- Extracted data entries:
══════════════════════════════
(* Let $k\ge 2$ and let $\mathcal H$ be a 3-uniform hypergraph on vertex set $V$ with no Berge cycle of length $2k+1$. Let $V=V_1\cup V_2$ be a partition. Let $\mathcal H_4$ be a set of hyperedges of $\mathcal H$ such that each $E\in\mathcal H_4$ has the form $E=\{u,v,w\}$ where, for some $i\in\{1,2\}$, $u,v\in V_i$, $w\in V_{3-i}$, the pair $\{u,v\}$ is contained in no hyperedge of $\mathcal H$ other than $E$, and $\max(\deg_{\mathcal H}(w,u),\deg_{\mathcal H}(w,v))\ge 3$. Let $G_4$ be the graph with edge set $\{E\cap V_i : E\in\mathcal H_4\}$ (i.e. the pairs $\{u,v\}$ above). Then $G_4$ contains no cycle of length $2k$; consequently $|\mathcal H_4|\le \mathrm{ex}(n,C_{2k})$ where $n=|V|$.
   Context: $\deg_{\mathcal H}(u,v)$ is the number of hyperedges of $\mathcal H$ containing both $u$ and $v$. A Berge cycle of length $m$ is a family of $m$ distinct hyperedges $H_0,\dots,H_{m-1}$ for which there exist distinct vertices $v_0,\dots,v_{m-1}$ with $\{v_i,v_{i+1}\}\subset H_i$ (indices mod $m$). $\mathrm{ex}(n,C_{2k})$ is the maximum number of edges of a simple graph on $n$ vertices with no cycle of length $2k$. *)

From mathcomp Require Import all_boot.
Set Implicit Arguments. Unset Strict Implicit. Unset Printing Implicit Defensive.

Definition uniform (T : finType) (r : nat) (H : {set {set T}}) : bool :=
  [forall E in H, #|E| == r].

Definition codeg (T : finType) (H : {set {set T}}) (u v : T) : nat :=
  #|[set E in H | (u \in E) && (v \in E)]|.

Definition berge_cycle (T : finType) (H : {set {set T}}) (m : nat) : Prop :=
  exists (v : 'I_m -> T) (F : 'I_m -> {set T}),
    [/\ injective v, injective F &
        forall i : 'I_m, [/\ F i \in H, v i \in F i & v (ordS i) \in F i]].

Definition simple_graph (T : finType) (G : {set {set T}}) : bool :=
  [forall e in G, #|e| == 2].

Definition has_cycle (T : finType) (G : {set {set T}}) (m : nat) : bool :=
  [exists v : {ffun 'I_m -> T},
     injectiveb v && [forall i : 'I_m, [set v i; v (ordS i)] \in G]].

Definition ex (n m : nat) : nat :=
  \max_(G : {set {set 'I_n}} | simple_graph G && ~~ has_cycle G m) #|G|.

(* A 2k-cycle v_0 ... v_{2k-1} of G4 lies on one side S of the partition, and
   its edges are the traces E_i :&: S of distinct hyperedges E_i of H4, whose
   third vertices w_i lie off S.  Orient the cycle so that w_0 has codegree at
   least 3 with v_0.  Then some hyperedge F contains w_0 and v_0 and differs from
   E_0 and E_{2k-1}; it differs from every other E_i as well, since v_0 is not
   in their trace.  Inserting w_0 between v_0 and v_1, with hyperedges F and E_0
   on either side, gives a Berge cycle of length 2k+1.  The bound on |H4| holds
   because E |-> (its trace pair) is injective on H4: the pair lies in no other
   hyperedge. *)

From mathcomp Require Import all_boot all_algebra.
Set Implicit Arguments. Unset Strict Implicit. Unset Printing Implicit Defensive.
Import GRing.Theory.

Lemma ordS_addr1 n (i : 'I_n.+2) : ordS i = (i + 1)%R.
Proof. exact/esym/(add_Zp_1 (p := n.+2)). Qed.

Lemma ordS_max n : ordS (@ord_max n) = ord0.
Proof. by apply: val_inj; rewrite /= modnn. Qed.

Lemma ordS_lift_max n (j : 'I_n.+1) :
  ordS (lift ord_max j) = if j == ord_max then ord_max else lift ord_max (ordS j).
Proof.
have lt_j := ltn_ord j; apply: val_inj; rewrite /= /bump leqNgt lt_j /=.
case: (eqVneq j ord_max) => [-> /=|ne /=]; first by rewrite modn_small.
have lt_jS : j.+1 < n.+1.
  by rewrite ltn_neqAle lt_j andbT; apply: contraNneq ne => -[e]; apply/eqP/val_inj.
rewrite (modn_small lt_jS) modn_small; last exact: ltn_trans lt_jS _.
by rewrite /bump leqNgt lt_jS.
Qed.

Lemma Zp_invariant X n (f : 'I_n.+2 -> X) :
  (forall i, f (i + 1)%R = f i) -> forall i, f i = f 0%R.
Proof.
move=> step i; rewrite -(natr_Zp i); elim: (nat_of_ord i) => // k IH.
by rewrite mulrSr step IH.
Qed.

Lemma addr11_neq n (i : 'I_n.+3) : (i + 1 + 1)%R != i.
Proof. by rewrite -addrA -subr_eq0 addrAC subrr add0r. Qed.

Lemma setI_triple_pair (T : finType) (S : {set T}) u v w :
  u \in S -> v \in S -> w \notin S -> [set u; v; w] :&: S = [set u; v].
Proof.
move=> uS vS wS; apply/setP => x; rewrite !inE.
have [xS|xS] := boolP (x \in S); rewrite ?andbT ?andbF.
  have /negbTE -> : x != w by apply: contraNneq wS => <-.
  by rewrite orbF.
by apply/esym/negbTE; apply: contra xS => /orP [] /eqP ->.
Qed.

Lemma setI_triple_single (T : finType) (S : {set T}) u v w :
  u \notin S -> v \notin S -> w \in S -> [set u; v; w] :&: S = [set w].
Proof.
move=> uS vS wS; apply/setP => x; rewrite !inE.
have [xS|xS] := boolP (x \in S); rewrite ?andbT ?andbF.
  have /negbTE -> : x != u by apply: contraNneq uS => <-.
  by have /negbTE -> : x != v by apply: contraNneq vS => <-.
by apply/esym/negbTE; apply: contra xS => /eqP ->.
Qed.

Lemma setC_of_partition (T : finType) (A B : {set T}) :
  A :&: B = set0 -> A :|: B = setT -> B = ~: A.
Proof.
move=> /setP AB /setP AUB; apply/setP => x; move: (AB x) (AUB x); rewrite !inE.
by case: (x \in A); case: (x \in B).
Qed.

Section BergeCycles.
Variables (T : finType) (H : {set {set T}}).

Lemma codeg_avoid2 x y (A B : {set T}) : 2 < codeg H x y ->
  exists2 F, F \in H & [/\ x \in F, y \in F, F != A & F != B].
Proof.
rewrite /codeg; set S := [set F in H | _] => lt2S.
have : S :\ A :\ B != set0.
  apply: contraTneq lt2S => S0; rewrite -leqNgt (cardsD1 A) (cardsD1 B (S :\ A)) S0 cards0.
  by case: (A \in S); case: (B \in S :\ A).
by case/set0Pn => F; rewrite !inE => /and5P [FB FA FH xF yF]; exists F.
Qed.

Lemma berge_cycle_insert n (v : 'I_n.+1 -> T) (E : 'I_n.+1 -> {set T}) w F :
  injective v -> injective E ->
  (forall i, [/\ E i \in H, v i \in E i & v (ordS i) \in E i]) ->
  (forall i, w != v i) -> (forall i, F != E i) ->
  w \in E ord_max -> F \in H -> w \in F -> v ord0 \in F -> berge_cycle H n.+2.
Proof.
move=> vinj Einj vE wv FE wE FH wF vF.
exists (fun i => if unlift ord_max i is Some j then v j else w).
exists (fun i => if unlift ord_max i is Some j then E j else F).
split.
- move=> i j; case: unliftP => [i'|] ->; case: unliftP => [j'|] -> //.
  + by move/vinj ->.
  + by move=> e; move: (wv i'); rewrite e eqxx.
  + by move=> e; move: (wv j'); rewrite e eqxx.
- move=> i j; case: unliftP => [i'|] ->; case: unliftP => [j'|] -> //.
  + by move/Einj ->.
  + by move=> e; move: (FE i'); rewrite e eqxx.
  + by move=> e; move: (FE j'); rewrite e eqxx.
- move=> i; case: unliftP => [j|] ->.
  + have [EH vjE vSjE] := vE j; rewrite ordS_lift_max.
    case: (eqVneq j ord_max) => [ej|_]; last by rewrite liftK; split.
    by rewrite unlift_none; split => //; rewrite ej.
  + rewrite ordS_max (_ : ord0 = lift ord_max (@ord0 n)) ?liftK; first by split.
    exact: val_inj.
Qed.

Lemma berge_cycle_of_crossing n (S : {set T}) (v : 'I_n.+3 -> T)
    (E : 'I_n.+3 -> {set T}) w :
  injective v -> (forall i, E i \in H) ->
  (forall i, E i :&: S = [set v i; v (i + 1)%R]) ->
  w \notin S -> w \in E ord_max -> 2 < codeg H w (v 0%R) ->
  berge_cycle H n.+4.
Proof.
move=> vinj EH ES wS wE cod.
have vES i : v i \in E i :&: S /\ v (i + 1)%R \in E i :&: S.
  by rewrite ES set21 set22.
have vS i : v i \in S by have [/setIP []] := vES i.
have Einj : injective E.
  move=> i j eE; have [viE vSiE] := vES i; rewrite eE ES in viE vSiE.
  case/set2P: viE => /vinj // ij; case/set2P: vSiE => /vinj ij'.
    by move: (addr11_neq j); rewrite -ij ij' eqxx.
  exact: (addIr 1%R).
have [F FH [wF vF FEmax FE0]] := codeg_avoid2 (E ord_max) (E 0%R) cod.
apply: (berge_cycle_insert vinj Einj _ _ _ wE FH wF vF).
- move=> i; have [/setIP [viE _] /setIP [vSiE _]] := vES i.
  by rewrite ordS_addr1.
- by move=> i; apply: contraNneq wS => ->.
- move=> j; apply/eqP => FEj.
  have : v 0%R \in E j :&: S by rewrite -FEj inE vF vS.
  rewrite ES => /set2P [/vinj j0|/vinj j1].
    by move: FE0; rewrite FEj j0 eqxx.
  have jmax : j = ord_max by apply: ordS_inj; rewrite ordS_max ordS_addr1 -j1.
  by move: FEmax; rewrite FEj jmax eqxx.
Qed.

End BergeCycles.

Section TraceGraph.
Variables (T : finType) (H : {set {set T}}) (V1 : {set T}) (H4 : {set {set T}}).

(* The side V2 of the partition is written ~: V1. *)
Definition private_pair_edge (E : {set T}) : Prop :=
  exists u v w : T,
    [/\ E = [set u; v; w],
        (u \in V1) && (v \in V1) && (w \in ~: V1)
          || (u \in ~: V1) && (v \in ~: V1) && (w \in V1),
        (forall F, F \in H -> u \in F -> v \in F -> F = E) &
        3 <= maxn (codeg H w u) (codeg H w v)].

Definition trace_graph : {set {set T}} :=
  [set e | [exists E in H4,
             ((e == E :&: V1) || (e == E :&: ~: V1)) && (#|e| == 2)]].

Lemma trace_graph_simple : simple_graph trace_graph.
Proof.
by apply/forallP => e; apply/implyP; rewrite inE => /existsP [E /and3P [_ _]].
Qed.

Lemma traces_triple u v w : (v \in V1) = (u \in V1) -> (w \in V1) = ~~ (u \in V1) ->
  ([set u; v; w] :&: V1, [set u; v; w] :&: ~: V1)
    = if u \in V1 then ([set u; v], [set w]) else ([set w], [set u; v]).
Proof.
move=> sv sw; case uV : (u \in V1); rewrite uV in sv sw.
  by rewrite setI_triple_pair ?setI_triple_single ?inE ?uV ?sv ?sw.
by rewrite setI_triple_single ?setI_triple_pair ?inE ?uV ?sv ?sw.
Qed.

Lemma private_pair_edge_sides E : private_pair_edge E ->
  exists u v w, [/\ E = [set u; v; w], (v \in V1) = (u \in V1),
    (w \in V1) = ~~ (u \in V1),
    (forall F, F \in H -> u \in F -> v \in F -> F = E) &
    (2 < codeg H w u) || (2 < codeg H w v)].
Proof.
case=> u [v [w [defE side priv cod]]]; exists u, v, w; split => //; last by rewrite -leq_max.
all: by move: side; rewrite !inE; case: (u \in V1); case: (v \in V1); case: (w \in V1).
Qed.

Hypothesis H4_private : forall E, E \in H4 -> private_pair_edge E.

Lemma trace_graph_edge a b : [set a; b] \in trace_graph ->
  exists w, [/\ [set a; b; w] \in H4, (b \in V1) = (a \in V1),
    (w \in V1) = ~~ (a \in V1) & (2 < codeg H w a) || (2 < codeg H w b)].
Proof.
rewrite inE => /existsP [E /and3P [EH4 trE /eqP card_ab]].
have [u [v [w [defE sv sw _ cod]]]] := private_pair_edge_sides (H4_private EH4).
have ab_uv : [set a; b] = [set u; v].
  move: trE card_ab; rewrite defE; have := traces_triple sv sw.
  by case: (u \in V1) => -[-> ->] /orP [] /eqP -> //; rewrite cards1.
have [aS bS] : a \in [set u; v] /\ b \in [set u; v] by rewrite -ab_uv set21 set22.
have [uS vS] : u \in [set a; b] /\ v \in [set a; b] by rewrite ab_uv set21 set22.
exists w; split.
- by rewrite -(_ : E = [set a; b; w]) // defE -ab_uv.
- by case/set2P: aS => ->; case/set2P: bS => ->; rewrite ?sv.
- by case/set2P: aS => ->; rewrite ?sv.
- by case/orP: cod; [case/set2P: uS | case/set2P: vS] => <- ->; rewrite ?orbT.
Qed.

Hypothesis H4_sub : H4 \subset H.

Lemma trace_graph_no_cycle m : 2 < m -> ~ berge_cycle H m.+1 ->
  ~~ has_cycle trace_graph m.
Proof.
case: m => [|[|[|n]]] // _ noBerge.
apply/negP => /existsP [v /andP [/injectiveP vinj /forallP vedge]].
have /fin_all_exists [w hw] i := trace_graph_edge (vedge i).
pose E i := [set v i; v (ordS i); w i].
have EH i : E i \in H by have [EH4 _ _ _] := hw i; exact: (subsetP H4_sub).
have side i : (v i \in V1) = (v 0%R \in V1).
  apply: (Zp_invariant (f := fun i => v i \in V1)) => j.
  by rewrite -ordS_addr1; have [_ -> _ _] := hw j.
pose S := [set x | (x \in V1) == (v 0%R \in V1)].
have wS i : w i \notin S.
  by rewrite inE; have [_ _ -> _] := hw i; rewrite side; case: (_ \in V1).
have ES i : E i :&: S = [set v i; v (i + 1)%R].
  by rewrite setI_triple_pair ?ordS_addr1 // inE -?ordS_addr1 side.
have wE0 : w 0%R \in E 0%R by rewrite !inE eqxx !orbT.
(* Reflect or rotate the cycle so that E ord_max = E 0 and the endpoint of
   codegree at least 3 with w 0 becomes the new v 0. *)
have [_ _ _] := hw 0%R; case/orP => cod.
- apply: noBerge; apply: (berge_cycle_of_crossing (v := fun i => v (- i)%R)
    (E := fun i => E (- i - 1)%R) _ _ _ (wS 0%R)).
  + by move=> i j /vinj /oppr_inj.
  + by [].
  + by move=> i; rewrite ES subrK opprD setUC.
  + by rewrite -opprD -(ordS_addr1 ord_max) ordS_max oppr0.
  + by rewrite oppr0.
- apply: noBerge; apply: (berge_cycle_of_crossing (v := fun i => v (i + 1)%R)
    (E := fun i => E (i + 1)%R) _ _ _ (wS 0%R)).
  + by move=> i j /vinj /addIr.
  + by [].
  + by move=> i; rewrite ES.
  + by rewrite -ordS_addr1 ordS_max.
  + by rewrite -ordS_addr1.
Qed.

Lemma card_le_trace_graph : uniform 3 H -> #|H4| <= #|trace_graph|.
Proof.
move=> H3.
pose pair E := if #|E :&: V1| == 2 then E :&: V1 else E :&: ~: V1.
have pair_trace E : (pair E == E :&: V1) || (pair E == E :&: ~: V1).
  by rewrite /pair; case: ifP; rewrite eqxx ?orbT.
have pair_sub E : pair E \subset E by rewrite /pair; case: ifP => _; exact: subsetIl.
have pairP E : E \in H4 -> exists u v, [/\ pair E = [set u; v], u != v &
    forall F, F \in H -> u \in F -> v \in F -> F = E].
  move=> EH4; have [u [v [w [defE sv sw priv _]]]] := private_pair_edge_sides (H4_private EH4).
  have uv : u != v.
    apply: contraTneq (forallP H3 E) => uv; rewrite (subsetP H4_sub _ EH4) defE uv /=.
    by rewrite setUid cards2; case: (v != w).
  exists u, v; split => //; rewrite /pair defE; have := traces_triple sv sw.
  by case: (u \in V1) => -[-> ->]; rewrite ?cards1 ?cards2 ?uv.
rewrite -(card_in_imset (f := pair)) ?subset_leq_card //.
  apply/subsetP => _ /imsetP [E EH4 ->]; rewrite inE; apply/existsP; exists E.
  by rewrite EH4 pair_trace; have [u [v [-> uv _]]] := pairP E EH4; rewrite cards2 uv.
move=> E E' EH4 E'H4 eqEE'; have [u [v [pairE _ priv]]] := pairP E EH4.
apply/esym/priv; first exact: (subsetP H4_sub).
  by apply: (subsetP (pair_sub E')); rewrite -eqEE' pairE set21.
by apply: (subsetP (pair_sub E')); rewrite -eqEE' pairE set22.
Qed.

End TraceGraph.

Lemma card_le_ex (T : finType) (G : {set {set T}}) m :
  simple_graph G -> ~~ has_cycle G m -> #|G| <= ex #|T| m.
Proof.
move=> simpleG noCycle.
pose relabel (e : {set T}) : {set 'I_#|T|} := enum_rank @: e.
have relabel_inj : injective relabel by apply: imset_inj; exact: enum_rank_inj.
rewrite -(card_imset _ relabel_inj) /ex.
apply: (leq_bigmax_cond (P := fun G' => simple_graph G' && ~~ has_cycle G' m)
  (F := fun G' => #|G'|)); apply/andP; split.
  apply/forallP => e'; apply/implyP => /imsetP [e eG ->].
  by rewrite card_imset; [exact: (implyP (forallP simpleG e)) | exact: enum_rank_inj].
apply: contra noCycle => /existsP [v /andP [/injectiveP vinj /forallP vedge]].
apply/existsP; exists [ffun i => enum_val (v i)]; apply/andP; split.
  by apply/injectiveP => i j; rewrite !ffunE => /enum_val_inj /vinj.
apply/forallP => i; rewrite !ffunE.
have /imsetP [e eG ve] := vedge i.
suff -> : [set enum_val (v i); enum_val (v (ordS i))] = e by [].
by apply: relabel_inj; rewrite -ve /relabel imsetU1 imset_set1 !enum_valK.
Qed.

Theorem mainTheorem8 (T : finType) (k : nat) (H : {set {set T}})
    (V1 V2 : {set T}) (H4 : {set {set T}}) :
  2 <= k ->
  uniform 3 H ->
  ~ berge_cycle H (2 * k + 1) ->
  V1 :&: V2 = set0 -> V1 :|: V2 = setT ->
  H4 \subset H ->
  (forall E, E \in H4 ->
     exists u v w : T,
       [/\ E = [set u; v; w],
           (u \in V1) && (v \in V1) && (w \in V2)
             || (u \in V2) && (v \in V2) && (w \in V1),
           (forall F, F \in H -> u \in F -> v \in F -> F = E) &
           3 <= maxn (codeg H w u) (codeg H w v)]) ->
  let G4 : {set {set T}} :=
    [set e | [exists E in H4,
               ((e == E :&: V1) || (e == E :&: V2)) && (#|e| == 2)]] in
  ~~ has_cycle G4 (2 * k) /\ #|H4| <= ex #|T| (2 * k).
Proof.
move=> k_ge2 H3 noBerge V12 V1U2 H4_sub H4_private G4.
move: (setC_of_partition V12 V1U2) => eV2; subst V2.
have noCycle : ~~ has_cycle G4 (2 * k).
  apply: (trace_graph_no_cycle (V1 := V1) H4_private H4_sub); last by rewrite -addn1.
  by rewrite (@leq_trans (2 * 2)) // leq_mul2l k_ge2.
split=> //; apply: leq_trans (card_le_trace_graph H4_private H4_sub H3) _.
exact: card_le_ex (trace_graph_simple _ _) noCycle.
Qed.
══════════════════════════════
Look over the entries above. Copy every line that contains the word "existsP".

- TASK RESULT:
by apply/forallP => e; apply/implyP; rewrite inE => /existsP [E /and3P [_ _]].
rewrite inE => /existsP [E /and3P [EH4 trE /eqP card_ab]].
apply/negP => /existsP [v /andP [/injectiveP vinj /forallP vedge]].
  apply/subsetP => _ /imsetP [E EH4 ->]; rewrite inE; apply/existsP; exists E.
apply: contra noCycle => /existsP [v /andP [/injectiveP vinj /forallP vedge]].
apply/existsP; exists [ffun i => enum_val (v i)]; apply/andP; split.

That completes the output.